───── DATA FOR PROCESSING ─────

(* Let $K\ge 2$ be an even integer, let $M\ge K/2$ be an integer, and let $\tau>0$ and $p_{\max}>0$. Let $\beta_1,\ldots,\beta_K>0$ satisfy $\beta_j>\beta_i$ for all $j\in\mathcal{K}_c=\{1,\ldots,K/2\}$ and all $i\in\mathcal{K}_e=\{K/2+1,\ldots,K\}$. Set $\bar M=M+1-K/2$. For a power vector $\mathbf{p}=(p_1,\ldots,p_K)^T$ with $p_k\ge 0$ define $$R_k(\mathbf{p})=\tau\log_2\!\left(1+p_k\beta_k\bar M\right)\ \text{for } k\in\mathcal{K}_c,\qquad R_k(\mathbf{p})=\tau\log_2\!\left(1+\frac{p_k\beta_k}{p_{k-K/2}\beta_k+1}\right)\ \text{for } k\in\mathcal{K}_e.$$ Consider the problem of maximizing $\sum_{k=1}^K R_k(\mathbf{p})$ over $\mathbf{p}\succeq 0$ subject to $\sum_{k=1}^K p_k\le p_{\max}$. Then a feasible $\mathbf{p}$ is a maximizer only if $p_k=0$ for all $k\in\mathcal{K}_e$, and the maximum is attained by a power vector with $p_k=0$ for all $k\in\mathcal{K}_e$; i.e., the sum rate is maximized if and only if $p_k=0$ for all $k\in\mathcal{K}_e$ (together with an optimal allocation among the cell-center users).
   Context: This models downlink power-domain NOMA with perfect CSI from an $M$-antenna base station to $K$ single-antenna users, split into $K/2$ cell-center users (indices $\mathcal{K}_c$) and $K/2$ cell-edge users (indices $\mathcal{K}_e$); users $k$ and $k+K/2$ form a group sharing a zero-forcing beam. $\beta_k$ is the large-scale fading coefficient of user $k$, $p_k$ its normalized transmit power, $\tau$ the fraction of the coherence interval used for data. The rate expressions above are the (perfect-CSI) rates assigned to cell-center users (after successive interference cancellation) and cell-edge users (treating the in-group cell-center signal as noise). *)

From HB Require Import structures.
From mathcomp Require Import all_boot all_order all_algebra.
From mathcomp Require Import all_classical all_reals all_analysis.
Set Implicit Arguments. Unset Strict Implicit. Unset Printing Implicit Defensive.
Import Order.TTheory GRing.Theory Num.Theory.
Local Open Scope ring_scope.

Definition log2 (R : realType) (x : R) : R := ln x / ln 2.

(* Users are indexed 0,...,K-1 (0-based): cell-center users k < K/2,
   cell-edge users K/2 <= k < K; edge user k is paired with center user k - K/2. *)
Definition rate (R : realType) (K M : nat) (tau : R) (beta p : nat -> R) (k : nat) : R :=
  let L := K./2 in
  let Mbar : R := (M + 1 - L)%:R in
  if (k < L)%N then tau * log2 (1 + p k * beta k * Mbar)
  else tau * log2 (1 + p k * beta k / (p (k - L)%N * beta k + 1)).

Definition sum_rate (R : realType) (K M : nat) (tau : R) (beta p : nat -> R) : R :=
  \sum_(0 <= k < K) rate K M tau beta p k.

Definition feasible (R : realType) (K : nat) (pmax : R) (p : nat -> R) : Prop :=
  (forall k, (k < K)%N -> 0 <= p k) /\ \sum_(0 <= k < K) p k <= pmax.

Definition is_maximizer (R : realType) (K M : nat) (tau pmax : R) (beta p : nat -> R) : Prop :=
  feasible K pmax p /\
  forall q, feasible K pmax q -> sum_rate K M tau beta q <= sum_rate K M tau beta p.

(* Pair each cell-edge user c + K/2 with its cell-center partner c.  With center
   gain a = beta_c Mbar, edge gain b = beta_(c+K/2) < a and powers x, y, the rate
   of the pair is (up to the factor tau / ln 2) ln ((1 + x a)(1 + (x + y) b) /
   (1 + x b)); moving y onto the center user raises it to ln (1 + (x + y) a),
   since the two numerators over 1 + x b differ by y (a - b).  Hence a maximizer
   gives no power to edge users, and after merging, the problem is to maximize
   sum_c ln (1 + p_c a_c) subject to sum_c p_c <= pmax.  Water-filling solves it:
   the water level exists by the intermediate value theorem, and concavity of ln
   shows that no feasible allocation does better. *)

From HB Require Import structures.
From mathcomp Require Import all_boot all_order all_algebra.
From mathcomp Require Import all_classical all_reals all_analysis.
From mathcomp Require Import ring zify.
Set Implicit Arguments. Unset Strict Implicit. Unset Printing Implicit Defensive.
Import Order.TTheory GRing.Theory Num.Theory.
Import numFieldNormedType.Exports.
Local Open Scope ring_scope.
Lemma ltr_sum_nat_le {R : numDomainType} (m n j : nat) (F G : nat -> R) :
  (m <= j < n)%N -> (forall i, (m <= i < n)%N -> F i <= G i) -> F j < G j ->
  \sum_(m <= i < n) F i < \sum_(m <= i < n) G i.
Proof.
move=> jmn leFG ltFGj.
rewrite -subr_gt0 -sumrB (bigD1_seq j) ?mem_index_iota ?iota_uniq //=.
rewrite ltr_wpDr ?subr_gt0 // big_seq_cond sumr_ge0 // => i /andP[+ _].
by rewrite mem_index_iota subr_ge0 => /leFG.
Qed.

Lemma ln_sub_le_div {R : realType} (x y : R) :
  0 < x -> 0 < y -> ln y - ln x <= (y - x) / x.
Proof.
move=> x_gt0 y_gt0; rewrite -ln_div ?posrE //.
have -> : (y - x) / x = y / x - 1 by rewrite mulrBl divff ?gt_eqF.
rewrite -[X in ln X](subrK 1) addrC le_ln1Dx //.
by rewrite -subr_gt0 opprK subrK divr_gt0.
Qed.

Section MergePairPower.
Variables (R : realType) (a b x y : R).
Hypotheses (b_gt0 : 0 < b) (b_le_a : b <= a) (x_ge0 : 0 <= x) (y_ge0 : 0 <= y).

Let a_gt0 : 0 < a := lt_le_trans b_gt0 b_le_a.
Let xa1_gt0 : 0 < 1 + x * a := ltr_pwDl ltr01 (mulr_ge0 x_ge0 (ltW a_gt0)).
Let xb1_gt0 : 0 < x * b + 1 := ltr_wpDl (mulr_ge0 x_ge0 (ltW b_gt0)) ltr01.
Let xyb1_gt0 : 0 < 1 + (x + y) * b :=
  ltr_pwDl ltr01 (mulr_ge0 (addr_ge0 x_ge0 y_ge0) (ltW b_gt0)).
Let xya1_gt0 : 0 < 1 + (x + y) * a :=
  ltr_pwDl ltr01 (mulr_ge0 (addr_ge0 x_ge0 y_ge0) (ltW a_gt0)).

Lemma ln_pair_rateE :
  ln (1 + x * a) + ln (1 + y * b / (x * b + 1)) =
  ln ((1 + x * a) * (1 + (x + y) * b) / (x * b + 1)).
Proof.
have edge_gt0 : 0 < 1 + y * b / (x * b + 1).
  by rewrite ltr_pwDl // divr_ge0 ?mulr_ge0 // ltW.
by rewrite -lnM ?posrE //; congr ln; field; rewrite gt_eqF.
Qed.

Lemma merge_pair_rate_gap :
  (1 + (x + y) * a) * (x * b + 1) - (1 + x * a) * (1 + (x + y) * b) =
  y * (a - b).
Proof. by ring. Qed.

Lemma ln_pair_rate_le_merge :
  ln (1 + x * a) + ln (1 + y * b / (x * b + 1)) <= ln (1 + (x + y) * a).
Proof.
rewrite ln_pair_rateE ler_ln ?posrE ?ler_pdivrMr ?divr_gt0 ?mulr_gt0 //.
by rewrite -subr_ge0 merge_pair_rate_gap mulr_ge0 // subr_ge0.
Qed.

─────

=== PROBLEM STATEMENT ===
Look above for the line with "move=> jmn leFG ltFGj."; retype exactly that line, every line after it up to the line with "Let xya1_gt0 : 0", and that line too, nothing else.

=== EXPECTED OUTPUT ===
move=> jmn leFG ltFGj.
rewrite -subr_gt0 -sumrB (bigD1_seq j) ?mem_index_iota ?iota_uniq //=.
rewrite ltr_wpDr ?subr_gt0 // big_seq_cond sumr_ge0 // => i /andP[+ _].
by rewrite mem_index_iota subr_ge0 => /leFG.
Qed.

Lemma ln_sub_le_div {R : realType} (x y : R) :
  0 < x -> 0 < y -> ln y - ln x <= (y - x) / x.
Proof.
move=> x_gt0 y_gt0; rewrite -ln_div ?posrE //.
have -> : (y - x) / x = y / x - 1 by rewrite mulrBl divff ?gt_eqF.
rewrite -[X in ln X](subrK 1) addrC le_ln1Dx //.
by rewrite -subr_gt0 opprK subrK divr_gt0.
Qed.

Section MergePairPower.
Variables (R : realType) (a b x y : R).
Hypotheses (b_gt0 : 0 < b) (b_le_a : b <= a) (x_ge0 : 0 <= x) (y_ge0 : 0 <= y).

Let a_gt0 : 0 < a := lt_le_trans b_gt0 b_le_a.
Let xa1_gt0 : 0 < 1 + x * a := ltr_pwDl ltr01 (mulr_ge0 x_ge0 (ltW a_gt0)).
Let xb1_gt0 : 0 < x * b + 1 := ltr_wpDl (mulr_ge0 x_ge0 (ltW b_gt0)) ltr01.
Let xyb1_gt0 : 0 < 1 + (x + y) * b :=
  ltr_pwDl ltr01 (mulr_ge0 (addr_ge0 x_ge0 y_ge0) (ltW b_gt0)).
Let xya1_gt0 : 0 < 1 + (x + y) * a :=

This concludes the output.